* WORK TO COMPLETE *
The records below are to be quoted in full; please keep every word exact.

* Stored dataset items *
(* Let $D \in \mathbb{R}^{m \times n}$, let $Q \in \mathbb{Z}^{m\times n}$ be such that for each $j$ the $j$th column of $Q$ stores the sorting of the $j$th column of $D$, let $(a_1,\ldots,a_p)$ be a sequence of column indices of $D$, let $L$ be the ranking vector of the lexicographical sorting of the sub-matrix of $D$ determined by the sequence of columns $(a_1,\ldots,a_p)$, and let $i \in \{0,\ldots,n-1\}$. Then QuickLexSortRefine$(D,Q,i,L)$ returns the ranking vector $L'$ of the lexicographical sorting of the sub-matrix of $D$ determined by the sequence of columns $(a_1,\ldots,a_p,i)$.
   Context: Rows of $D$ are indexed by $\{0,\ldots,m-1\}$, columns by $\{0,\ldots,n-1\}$. ''The $j$th column of $Q$ stores the sorting of the $j$th column of $D$'' means $(Q_{0j},\ldots,Q_{m-1,j})$ is a permutation of $\{0,\ldots,m-1\}$ with $D_{Q_{0j},j} \le D_{Q_{1j},j} \le \cdots \le D_{Q_{m-1,j},j}$. For a sequence of columns $(b_1,\ldots,b_q)$, the sub-matrix determined by it has row $r$ equal to $(D_{r b_1},\ldots,D_{r b_q})$, and its rows are compared in lexicographic order: $v <_{\mathrm{lex}} w$ iff $v_1<w_1$, or $v_1=w_1,\ldots,v_k=w_k$ and $v_{k+1}<w_{k+1}$ for some $k$. The ranking vector of this ordering is the unique $L \in \{0,\ldots,m-1\}^m$ such that equal rows $r,s$ have $L_r = L_s$, rows with row $r$ lexicographically smaller than row $s$ have $L_r < L_s$, and $\sum_r L_r$ is minimal (equivalently, $L_r$ is the number of distinct rows of the sub-matrix that are lexicographically smaller than row $r$). For the empty sequence the ranking vector is the zero vector. QuickLexSortRefine$(D,Q,i,L)$ is the following procedure. Initialize integer arrays $\mathrm{IDval},\mathrm{IDvalInit},\mathrm{subID},\mathrm{newCount},\mathrm{numNewID}$ of length $m$ to zero. For $j=0,\ldots,m-1$: let $r := Q[j,i]$ and $\ell := L[r]$; if $\mathrm{IDvalInit}[\ell]=0$, set $\mathrm{IDvalInit}[\ell]:=1$ and $\mathrm{IDval}[\ell]:=D[r,i]$; otherwise, if $\mathrm{IDval}[\ell]\neq D[r,i]$, set $\mathrm{IDval}[\ell]:=D[r,i]$ and $\mathrm{newCount}[\ell]:=\mathrm{newCount}[\ell]+1$; in all cases then set $\mathrm{subID}[r]:=\mathrm{newCount}[\ell]$. Next set $\mathrm{numNewID}[m-1]:=\sum_{j=0}^{m-2}\mathrm{newCount}[j]$ and, for $j=m-2,m-3,\ldots,1$, $\mathrm{numNewID}[j]:=\mathrm{numNewID}[j+1]-\mathrm{newCount}[j]$ ($\mathrm{numNewID}[0]$ stays $0$). Finally, for $j=0,\ldots,m-1$ set $L'[j]:=L[j]+\mathrm{numNewID}[L[j]]+\mathrm{subID}[j]$, and return $L'$. *)

From HB Require Import structures.
From mathcomp Require Import all_boot all_order all_algebra.
From mathcomp Require Import reals.
Set Implicit Arguments. Unset Strict Implicit. Unset Printing Implicit Defensive.
Import Order.TTheory GRing.Theory Num.Theory.
Local Open Scope ring_scope.

Section Defs.
Variable R : realType.
Variables m n : nat.

(* entry D[r, c] for an integer row index r (0 if r is out of range;
   never used out of range under the hypotheses of the theorem) *)
Definition Dat (D : 'M[R]_(m, n)) (r : int) (c : 'I_n) : R :=
  match insub (absz r) with Some r' => D r' c | None => 0 end.

Definition sorting_matrix (D : 'M[R]_(m, n)) (Q : 'M[int]_(m, n)) : Prop :=
  forall c : 'I_n,
    [/\ forall k : 'I_m, (0 <= Q k c) && (Q k c < m%:Z),
        forall k1 k2 : 'I_m, Q k1 c = Q k2 c -> k1 = k2 &
        forall k1 k2 : 'I_m, (k1 <= k2)%N -> Dat D (Q k1 c) c <= Dat D (Q k2 c) c].

Definition subrow (D : 'M[R]_(m, n)) (s : seq 'I_n) (r : 'I_m) : seq R :=
  [seq D r b | b <- s].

* COMPLETED EXERCISE *
(* Let $D \in \mathbb{R}^{m \times n}$, let $Q \in \mathbb{Z}^{m\times n}$ be such that for each $j$ the $j$th column of $Q$ stores the sorting of the $j$th column of $D$, let $(a_1,\ldots,a_p)$ be a sequence of column indices of $D$, let $L$ be the ranking vector of the lexicographical sorting of the sub-matrix of $D$ determined by the sequence of columns $(a_1,\ldots,a_p)$, and let $i \in \{0,\ldots,n-1\}$. Then QuickLexSortRefine$(D,Q,i,L)$ returns the ranking vector $L'$ of the lexicographical sorting of the sub-matrix of $D$ determined by the sequence of columns $(a_1,\ldots,a_p,i)$.
   Context: Rows of $D$ are indexed by $\{0,\ldots,m-1\}$, columns by $\{0,\ldots,n-1\}$. ''The $j$th column of $Q$ stores the sorting of the $j$th column of $D$'' means $(Q_{0j},\ldots,Q_{m-1,j})$ is a permutation of $\{0,\ldots,m-1\}$ with $D_{Q_{0j},j} \le D_{Q_{1j},j} \le \cdots \le D_{Q_{m-1,j},j}$. For a sequence of columns $(b_1,\ldots,b_q)$, the sub-matrix determined by it has row $r$ equal to $(D_{r b_1},\ldots,D_{r b_q})$, and its rows are compared in lexicographic order: $v <_{\mathrm{lex}} w$ iff $v_1<w_1$, or $v_1=w_1,\ldots,v_k=w_k$ and $v_{k+1}<w_{k+1}$ for some $k$. The ranking vector of this ordering is the unique $L \in \{0,\ldots,m-1\}^m$ such that equal rows $r,s$ have $L_r = L_s$, rows with row $r$ lexicographically smaller than row $s$ have $L_r < L_s$, and $\sum_r L_r$ is minimal (equivalently, $L_r$ is the number of distinct rows of the sub-matrix that are lexicographically smaller than row $r$). For the empty sequence the ranking vector is the zero vector. QuickLexSortRefine$(D,Q,i,L)$ is the following procedure. Initialize integer arrays $\mathrm{IDval},\mathrm{IDvalInit},\mathrm{subID},\mathrm{newCount},\mathrm{numNewID}$ of length $m$ to zero. For $j=0,\ldots,m-1$: let $r := Q[j,i]$ and $\ell := L[r]$; if $\mathrm{IDvalInit}[\ell]=0$, set $\mathrm{IDvalInit}[\ell]:=1$ and $\mathrm{IDval}[\ell]:=D[r,i]$; otherwise, if $\mathrm{IDval}[\ell]\neq D[r,i]$, set $\mathrm{IDval}[\ell]:=D[r,i]$ and $\mathrm{newCount}[\ell]:=\mathrm{newCount}[\ell]+1$; in all cases then set $\mathrm{subID}[r]:=\mathrm{newCount}[\ell]$. Next set $\mathrm{numNewID}[m-1]:=\sum_{j=0}^{m-2}\mathrm{newCount}[j]$ and, for $j=m-2,m-3,\ldots,1$, $\mathrm{numNewID}[j]:=\mathrm{numNewID}[j+1]-\mathrm{newCount}[j]$ ($\mathrm{numNewID}[0]$ stays $0$). Finally, for $j=0,\ldots,m-1$ set $L'[j]:=L[j]+\mathrm{numNewID}[L[j]]+\mathrm{subID}[j]$, and return $L'$. *)

From HB Require Import structures.
From mathcomp Require Import all_boot all_order all_algebra.
From mathcomp Require Import reals.
Set Implicit Arguments. Unset Strict Implicit. Unset Printing Implicit Defensive.
Import Order.TTheory GRing.Theory Num.Theory.
Local Open Scope ring_scope.

Section Defs.
Variable R : realType.
Variables m n : nat.

(* entry D[r, c] for an integer row index r (0 if r is out of range;
   never used out of range under the hypotheses of the theorem) *)
Definition Dat (D : 'M[R]_(m, n)) (r : int) (c : 'I_n) : R :=
  match insub (absz r) with Some r' => D r' c | None => 0 end.

Definition sorting_matrix (D : 'M[R]_(m, n)) (Q : 'M[int]_(m, n)) : Prop :=
  forall c : 'I_n,
    [/\ forall k : 'I_m, (0 <= Q k c) && (Q k c < m%:Z),
        forall k1 k2 : 'I_m, Q k1 c = Q k2 c -> k1 = k2 &
        forall k1 k2 : 'I_m, (k1 <= k2)%N -> Dat D (Q k1 c) c <= Dat D (Q k2 c) c].

Definition subrow (D : 'M[R]_(m, n)) (s : seq 'I_n) (r : 'I_m) : seq R :=
  [seq D r b | b <- s].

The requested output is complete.